◆ **Required work**
Whenever the string "then" appears in a line below, please copy the line out.

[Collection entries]

(* For every temporal oriented tree $\mathcal T$, the connectivity graph $G$ of $\mathcal T$ contains no anti-hole, i.e., no induced subgraph isomorphic to the complement of a cycle of length at least $5$.
   Context: A temporal digraph is a pair $(D,\lambda)$ with $D=(V,A)$ a finite digraph and $\lambda:A\to 2^{\{1,\dots,t_{\max}\}}$ giving the time-steps at which each arc is active. A temporal oriented tree $\mathcal T=(T,\lambda)$ is one whose underlying digraph $T$ is an orientation of a tree. A temporal path is a sequence $(v_1,v_2,t_1),\dots,(v_{k-1},v_k,t_{k-1})$ with pairwise distinct $v_i$, $\overrightarrow{v_iv_{i+1}}\in A$, $t_i\in\lambda(\overrightarrow{v_iv_{i+1}})$ and $t_1<\dots<t_{k-1}$. Two vertices $u\ne v$ are temporally connected if there is a temporal path from $u$ to $v$ or from $v$ to $u$. The connectivity graph of $\mathcal T$ is the undirected graph $G$ with $V(G)=V(T)$ and $uv\in E(G)$ iff $u\neq v$ and $u,v$ are temporally connected. *)

From mathcomp Require Import all_boot.
Set Implicit Arguments. Unset Strict Implicit. Unset Printing Implicit Defensive.

(* A digraph on a finite vertex type V is given by its arc relation A.
   Time labels: lam u v t means t is in lambda(arc uv). *)

Definition und_adj (V : finType) (A : rel V) : rel V := fun u v => A u v || A v u.

Definition oriented_tree (V : finType) (A : rel V) : Prop :=
  [/\ (forall u, ~~ A u u),
      (forall u v, A u v -> ~~ A v u),
      0 < #|V|,
      (forall u v, connect (und_adj A) u v)
    & (forall c : seq V, uniq c -> 2 < size c -> ~~ cycle (und_adj A) c)].

Definition temporal_labelling (V : finType) (tmax : nat) (lam : V -> V -> nat -> bool) : Prop :=
  forall u v t, lam u v t -> (1 <= t <= tmax).

(* A temporal path from u to v: vertices u = v_1, v_2 = vs_0, ..., v_k = last,
   pairwise distinct, each (v_i, v_{i+1}) an arc active at time t_i,
   with t_1 < ... < t_{k-1}. *)
Definition temporal_path (V : finType) (A : rel V) (lam : V -> V -> nat -> bool)
    (u v : V) : Prop :=
  exists (vs : seq V) (ts : seq nat),
    [/\ size ts = size vs,
        uniq (u :: vs),
        last u vs = v,
        sorted ltn ts
      & forall i, i < size vs ->
          A (nth u (u :: vs) i) (nth u vs i) &&
          lam (nth u (u :: vs) i) (nth u vs i) (nth 0 ts i)].

Definition conn_edge (V : finType) (A : rel V) (lam : V -> V -> nat -> bool)
    (u v : V) : Prop :=
  u != v /\ (temporal_path A lam u v \/ temporal_path A lam v u).

Definition cycle_adj (k : nat) (i j : 'I_k) : bool :=
  (j == (i.+1 %% k) :> nat) || (i == (j.+1 %% k) :> nat).

Definition has_induced_anticycle (V : finType) (E : V -> V -> Prop) (k : nat) : Prop :=
  exists f : 'I_k -> V, injective f /\
    forall i j : 'I_k, i != j -> (E (f i) (f j) <-> ~~ cycle_adj i j).

From mathcomp Require Import all_boot.
From mathcomp Require Import zify.
Set Implicit Arguments. Unset Strict Implicit. Unset Printing Implicit Defensive.

(* In an oriented tree a temporal path entering and then leaving a vertex y uses two
   different tree edges at y, so if x reaches y and y reaches z then y separates x
   from z; and a temporal path between two vertices separated by y passes through y,
   so a connectivity edge ab with a not adjacent to y in G cannot be separated by y.
   In the complement of a cycle of length at least 5, the two non-neighbours U, W of
   a vertex Y are adjacent, and for any neighbours X, Z of Y one may pick U ~ Z and
   W ~ X; then X, W, U, Z stay connected in the tree minus Y, so X and Z are on the
   same side of Y: Y reaches all its neighbours or is reached by all of them. As each
   edge of G is traversed in exactly one direction, this 2-colours G, which is
   impossible because 0, 2, 4, 1, 3 is a 5-cycle of G. *)

Section TemporalPaths.
Variables (V : finType) (A : rel V) (lam : V -> V -> nat -> bool).

Definition is_temporal_path (a b : V) (vs : seq V) (ts : seq nat) : Prop :=
  [/\ size ts = size vs, uniq (a :: vs), last a vs = b, sorted ltn ts
    & forall i, i < size vs ->
        A (nth a (a :: vs) i) (nth a vs i) &&
        lam (nth a (a :: vs) i) (nth a vs i) (nth 0 ts i)].

Definition avoid_adj (y : V) : rel V := fun u v => [&& und_adj A u v, u != y & v != y].

Definition separates (y a b : V) : bool := ~~ connect (avoid_adj y) a b.

Lemma avoid_adj_sym y : symmetric (avoid_adj y).
Proof. by move=> u v; rewrite /avoid_adj /und_adj orbC (andbC (u != y)). Qed.

Lemma separates_sym y a b : separates y a b = separates y b a.
Proof. by rewrite /separates (sym_connect_sym (avoid_adj_sym y)). Qed.

Lemma last_take_nth (a : V) vs p : p < size vs -> last a (take p.+1 vs) = nth a vs p.
Proof.
move=> hp; rewrite (last_nth a) size_take.
have -> : (if p.+1 < size vs then p.+1 else size vs) = p.+1 by case: ifP => //; lia.
by rewrite /= nth_take.
Qed.

Lemma is_temporal_path_take a b vs ts p : is_temporal_path a b vs ts -> p < size vs ->
  is_temporal_path a (nth a vs p) (take p.+1 vs) (take p.+1 ts).
Proof.
case=> hs hu _ hso hn hp; split.
- by rewrite !size_take hs.
- exact: (take_uniq p.+2 hu).
- exact: last_take_nth.
- by apply: (subseq_sorted _ (take_subseq _ _) hso); exact: ltn_trans.
move=> i hi; have [hip hiv] : i < p.+1 /\ i < size vs.
  by move: hi; rewrite size_take; case: ifP; lia.
rewrite (_ : a :: take p.+1 vs = take p.+2 (a :: vs)) // !nth_take //; last by lia.
exact: hn.
Qed.

Lemma is_temporal_path_drop a b vs ts p : is_temporal_path a b vs ts -> p < size vs ->
  is_temporal_path (nth a vs p) b (drop p.+1 vs) (drop p.+1 ts).
Proof.
case=> hs hu hl hso hn hp; split.
- by rewrite !size_drop hs.
- by rewrite -drop_nth //; apply: drop_uniq; case/andP: hu.
- by rewrite -(last_take_nth a hp) -last_cat cat_take_drop.
- by apply: (subseq_sorted _ (drop_subseq _ _) hso); exact: ltn_trans.
move=> i; rewrite size_drop => hi.
rewrite -drop_nth // !nth_drop.
have := hn (p.+1 + i) ltac:(lia).
rewrite addSn /= -addSn.
by rewrite !(set_nth_default a (nth a vs p)) //; lia.
Qed.

Lemma temporal_path_path a b : temporal_path A lam a b ->
  exists vs, [/\ path A a vs, uniq (a :: vs) & last a vs = b].
Proof.
case=> vs [ts [_ hu hl _ hn]]; exists vs; split=> //.
by apply/(pathP a) => i /hn /andP[].
Qed.

Lemma path_avoid_adj y x s : path A x s -> y \notin x :: s -> path (avoid_adj y) x s.
Proof.
elim: s x => //= z s IH x /andP[hxz hp].
rewrite !inE !negb_or => /andP[hx /andP[hz hs]].
rewrite /avoid_adj /und_adj hxz eq_sym hx eq_sym hz /=.
by apply: IH; rewrite // inE negb_or hz.
Qed.

Lemma avoid_adj_path_notin y x s : path (avoid_adj y) x s -> y \notin s.
Proof.
elim: s x => //= z s IH x /andP[/and3P[_ _ hz] hp].
by rewrite inE negb_or eq_sym hz (IH z).
Qed.

Lemma temporal_path_separates a b y : temporal_path A lam a b -> y != a -> separates y a b ->
  temporal_path A lam a y /\ temporal_path A lam y b.
Proof.
case=> vs [ts htp] hya hsep.
case: (boolP (y \in vs)) => hy.
  have hp : index y vs < size vs by rewrite index_mem.
  have hny : nth a vs (index y vs) = y by rewrite nth_index.
  split; [exists (take (index y vs).+1 vs), (take (index y vs).+1 ts)
         |exists (drop (index y vs).+1 vs), (drop (index y vs).+1 ts)].
    by have := is_temporal_path_take htp hp; rewrite hny.
  by have := is_temporal_path_drop htp hp; rewrite hny.
case: htp => _ _ hl _ hn; case/negP: hsep; apply/connectP; exists vs => //.
apply: path_avoid_adj; last by rewrite inE negb_or hya.
by apply/(pathP a) => i /hn /andP[].
Qed.

Lemma conn_edge_sym u v : conn_edge A lam u v -> conn_edge A lam v u.
Proof. by case=> huv h; split; [rewrite eq_sym|tauto]. Qed.

Lemma conn_edge_separates a b y : conn_edge A lam a b -> y != a -> y != b ->
  separates y a b -> conn_edge A lam a y.
Proof.
case=> hab [h|h] hya hyb hsep; split; rewrite 1?eq_sym //.
  by left; case: (temporal_path_separates h hya hsep).
by right; case: (temporal_path_separates h hyb); rewrite // separates_sym.
Qed.

Hypothesis A_asym : forall u v, A u v -> ~~ A v u.
Hypothesis A_acyclic : forall c : seq V, uniq c -> 2 < size c -> ~~ cycle (und_adj A) c.

(* The arc entering y and the arc leaving y have distinct other ends p, q, since
   the tree is oriented; a y-avoiding connection from x to z would join p and q
   into a cycle through y. *)
Lemma temporal_path_concat_separates x y z :
  temporal_path A lam x y -> temporal_path A lam y z -> x != y -> y != z ->
  separates y x z.
Proof.
move=> /temporal_path_path [vs1 [hp1 hu1 hl1]] /temporal_path_path [vs2 [hp2 hu2 hl2]].
move=> hxy hyz.
apply/negP => hxz.
case/lastP: vs1 hp1 hu1 hl1 => [/= _ _ hl1|s1 y']; first by rewrite hl1 eqxx in hxy.
rewrite last_rcons => + + hl1; subst y'.
rewrite rcons_path -rcons_cons rcons_uniq => /andP[hp1 hAp] /andP[hyn _].
set p := last x s1 in hAp hyn.
case: vs2 hp2 hu2 hl2 => [/= _ _ hl2|q s2]; first by rewrite hl2 eqxx in hyz.
move=> /= /andP[hAq hp2] /andP[hyn2 _] hl2.
have hpy : p != y by apply: contraNneq hyn => <-; rewrite mem_last.
have hqy : q != y by apply: contraNneq hyn2 => ->; rewrite mem_head.
have hpq : p != q by apply: contraTneq hAq => <-; exact: A_asym.
have cpx : connect (avoid_adj y) p x.
  rewrite (sym_connect_sym (avoid_adj_sym y)).
  by apply/connectP; exists s1 => //; apply: path_avoid_adj.
have cqz : connect (avoid_adj y) q z.
  by apply/connectP; exists s2 => //; apply: path_avoid_adj.
have : connect (avoid_adj y) p q.
  rewrite (sym_connect_sym (avoid_adj_sym y)) in cqz.
  exact: connect_trans cpx (connect_trans hxz cqz).
case/connectP => s hs hls; case/shortenP: hs hls => s' hs' hus' _ hls'.
have hys' := avoid_adj_path_notin hs'.
have hsz : 2 < size (y :: p :: s').
  by case: s' hls' {hs' hus' hys'} => [/= hq|//]; rewrite hq eqxx in hpq.
have huniq : uniq (y :: p :: s') by rewrite /= inE negb_or eq_sym hpy hys'.
case/negP: (A_acyclic huniq hsz).
rewrite /= rcons_path -hls' /und_adj hAp hAq !orbT andbT /=.
by apply: sub_path hs' => u v /and3P[].
Qed.

Lemma temporal_path_asym x y :
  x != y -> temporal_path A lam x y -> ~ temporal_path A lam y x.
Proof.
move=> hxy hxtoy hytox.
have := temporal_path_concat_separates hxtoy hytox hxy.
by rewrite eq_sym /separates connect0 => /(_ hxy).
Qed.

Lemma conn_edge_connect a b y : conn_edge A lam a b -> ~ conn_edge A lam a y ->
  y != a -> y != b -> connect (avoid_adj y) a b.
Proof. by move=> hab nay hya hyb; apply: contra_notT nay; apply: conn_edge_separates. Qed.

(* Going from Y through Z would make Y separate X from Z, yet X, W, U, Z is a
   chain of connectivity edges each of whose ends are joined avoiding Y. *)
Lemma temporal_path_step_imp X Y Z U W :
  conn_edge A lam X Y -> conn_edge A lam Z Y -> conn_edge A lam U Z ->
  conn_edge A lam W X -> conn_edge A lam U W ->
  ~ conn_edge A lam U Y -> ~ conn_edge A lam W Y -> Y != U -> Y != W ->
  temporal_path A lam X Y -> temporal_path A lam Z Y.
Proof.
move=> [hXY _] [hZY [//|hYtoZ]] hUZ hWX hUW nUY nWY hYU hYW hXtoY.
have hYX : Y != X by rewrite eq_sym.
have hYZ : Y != Z by rewrite eq_sym.
case/negP: (temporal_path_concat_separates hXtoY hYtoZ hXY hYZ).
have sym := sym_connect_sym (avoid_adj_sym Y).
have cXW : connect (avoid_adj Y) X W by rewrite sym; apply: conn_edge_connect.
have cWU : connect (avoid_adj Y) W U by rewrite sym; apply: conn_edge_connect.
have cUZ : connect (avoid_adj Y) U Z by apply: conn_edge_connect.
exact: connect_trans cXW (connect_trans cWU cUZ).
Qed.

Lemma temporal_path_step X Y Z U W :
  conn_edge A lam X Y -> conn_edge A lam Z Y -> conn_edge A lam U Z ->
  conn_edge A lam W X -> conn_edge A lam U W ->
  ~ conn_edge A lam U Y -> ~ conn_edge A lam W Y -> Y != U -> Y != W ->
  temporal_path A lam X Y <-> temporal_path A lam Z Y.
Proof.
move=> hXY hZY hUZ hWX hUW nUY nWY hYU hYW.
split; apply: temporal_path_step_imp; eauto using conn_edge_sym.
Qed.

End TemporalPaths.

Section Anticycle.
Variables (V : finType) (E T : V -> V -> Prop).
Hypothesis E_T : forall u v, E u v -> T u v \/ T v u.
Hypothesis T_asym : forall u v, E u v -> T u v -> ~ T v u.
Hypothesis T_step : forall X Y Z U W, E X Y -> E Z Y -> E U Z -> E W X -> E U W ->
  ~ E U Y -> ~ E W Y -> Y != U -> Y != W -> (T X Y <-> T Z Y).

Section Vertices.
Variables (m : nat) (f : 'I_m.+1 -> V).
Hypotheses (m_ge4 : 4 <= m) (f_inj : injective f)
  (f_anticycle : forall i j, i != j -> (E (f i) (f j) <-> ~~ cycle_adj i j)).

Let x (i : nat) : V := f (inord i).
Let next (i : nat) : nat := if i < m then i.+1 else 0.
Let anti_adj (i j : nat) : bool := [&& i != j, j != next i & i != next j].

Lemma anticycle_edge_iff i j : i <= m -> j <= m -> i != j ->
  E (x i) (x j) <-> anti_adj i j.
Proof.
move=> hi hj hij.
have next_mod k : k <= m -> k.+1 %% m.+1 = next k.
  rewrite /next; case: ltnP => [hk _|hk hkm]; first by rewrite modn_small.
  by rewrite (_ : k = m) ?modnn //; lia.
rewrite /anti_adj hij f_anticycle /cycle_adj ?inordK ?next_mod ?negb_or //.
by apply: contra hij => /eqP /(congr1 val) /=; rewrite !inordK // => ->.
Qed.

Lemma anticycle_edge i j : i <= m -> j <= m -> anti_adj i j -> E (x i) (x j).
Proof. by move=> hi hj hij; apply/anticycle_edge_iff => //; case/and3P: hij. Qed.

Lemma anticycle_nonedge i j : i <= m -> j <= m -> i != j -> ~~ anti_adj i j ->
  ~ E (x i) (x j).
Proof. by move=> hi hj hij /negP nij /anticycle_edge_iff; auto. Qed.

Lemma anticycle_neq i j : i <= m -> j <= m -> i != j -> x i != x j.
Proof.
move=> hi hj; apply: contra => /eqP /f_inj /(congr1 val) /=.
by rewrite !inordK // => ->.
Qed.

Lemma anticycle_orient i j : i <= m -> j <= m -> anti_adj i j ->
  T (x i) (x j) <-> ~ T (x j) (x i).
Proof.
move=> hi hj /(anticycle_edge hi hj) hE.
by split; [exact: T_asym|case: (E_T hE)].
Qed.

Lemma anticycle_step X Y Z U W :
  [&& X <= m, Y <= m, Z <= m, U <= m & W <= m] ->
  [&& anti_adj X Y, anti_adj Z Y, anti_adj U Z, anti_adj W X & anti_adj U W] ->
  U != Y -> W != Y -> ~~ anti_adj U Y -> ~~ anti_adj W Y ->
  T (x X) (x Y) <-> T (x Z) (x Y).
Proof.
move=> /and5P[hX hY hZ hU hW] /and5P[aXY aZY aUZ aWX aUW] hUY hWY nUY nWY.
apply: (T_step (U := x U) (W := x W)); rewrite ?anticycle_neq 1?eq_sym //;
  by [apply: anticycle_edge | apply: anticycle_nonedge].
Qed.

Ltac index_arith := rewrite /anti_adj /next; do ?case: ifP => ?; lia.

Lemma anticycle_contradiction : False.
Proof.
pose t i j := T (x i) (x j).
have at0 : t 3 0 <-> t 2 0 by apply: (anticycle_step (U := m) (W := 1)); index_arith.
have at2 : t 0 2 <-> t 4 2 by apply: (anticycle_step (U := 1) (W := 3)); index_arith.
have at4 : t 2 4 <-> t 1 4 by apply: (anticycle_step (U := 3) (W := next 4)); index_arith.
have at1 : t 4 1 <-> t 3 1 by apply: (anticycle_step (U := 0) (W := 2)); index_arith.
have at3 : t 1 3 <-> t 0 3 by apply: (anticycle_step (U := 2) (W := 4)); index_arith.
have o02 : t 0 2 <-> ~ t 2 0 by apply: anticycle_orient; index_arith.
have o24 : t 2 4 <-> ~ t 4 2 by apply: anticycle_orient; index_arith.
have o41 : t 4 1 <-> ~ t 1 4 by apply: anticycle_orient; index_arith.
have o13 : t 1 3 <-> ~ t 3 1 by apply: anticycle_orient; index_arith.
have o30 : t 3 0 <-> ~ t 0 3 by apply: anticycle_orient; index_arith.
clearbody t; tauto.
Qed.

End Vertices.

Lemma no_induced_anticycle m : 4 <= m -> ~ has_induced_anticycle E m.+1.
Proof.
by move=> hm [f [f_inj f_anticycle]]; exact: (anticycle_contradiction hm f_inj f_anticycle).
Qed.

End Anticycle.

Theorem mainTheorem12 (V : finType) (A : rel V) (tmax : nat)
    (lam : V -> V -> nat -> bool) :
  oriented_tree A -> temporal_labelling tmax lam ->
  forall k : nat, 5 <= k ->
    ~ has_induced_anticycle (conn_edge A lam) k.
Proof.
move=> [_ A_asym _ _ A_acyclic] _ [//|m] hm.
apply: (no_induced_anticycle (T := temporal_path A lam)) => //.
- by move=> u v [_].
- by move=> u v [huv _]; apply: temporal_path_asym.
- by move=> X Y Z U W; apply: temporal_path_step.
Qed.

◆ **Answer to the problem**
(* In an oriented tree a temporal path entering and then leaving a vertex y uses two
   different tree edges at y, so if x reaches y and y reaches z then y separates x
   W ~ X; then X, W, U, Z stay connected in the tree minus Y, so X and Z are on the
have -> : (if p.+1 < size vs then p.+1 else size vs) = p.+1 by case: ifP => //; lia.
Let next (i : nat) : nat := if i < m then i.+1 else 0.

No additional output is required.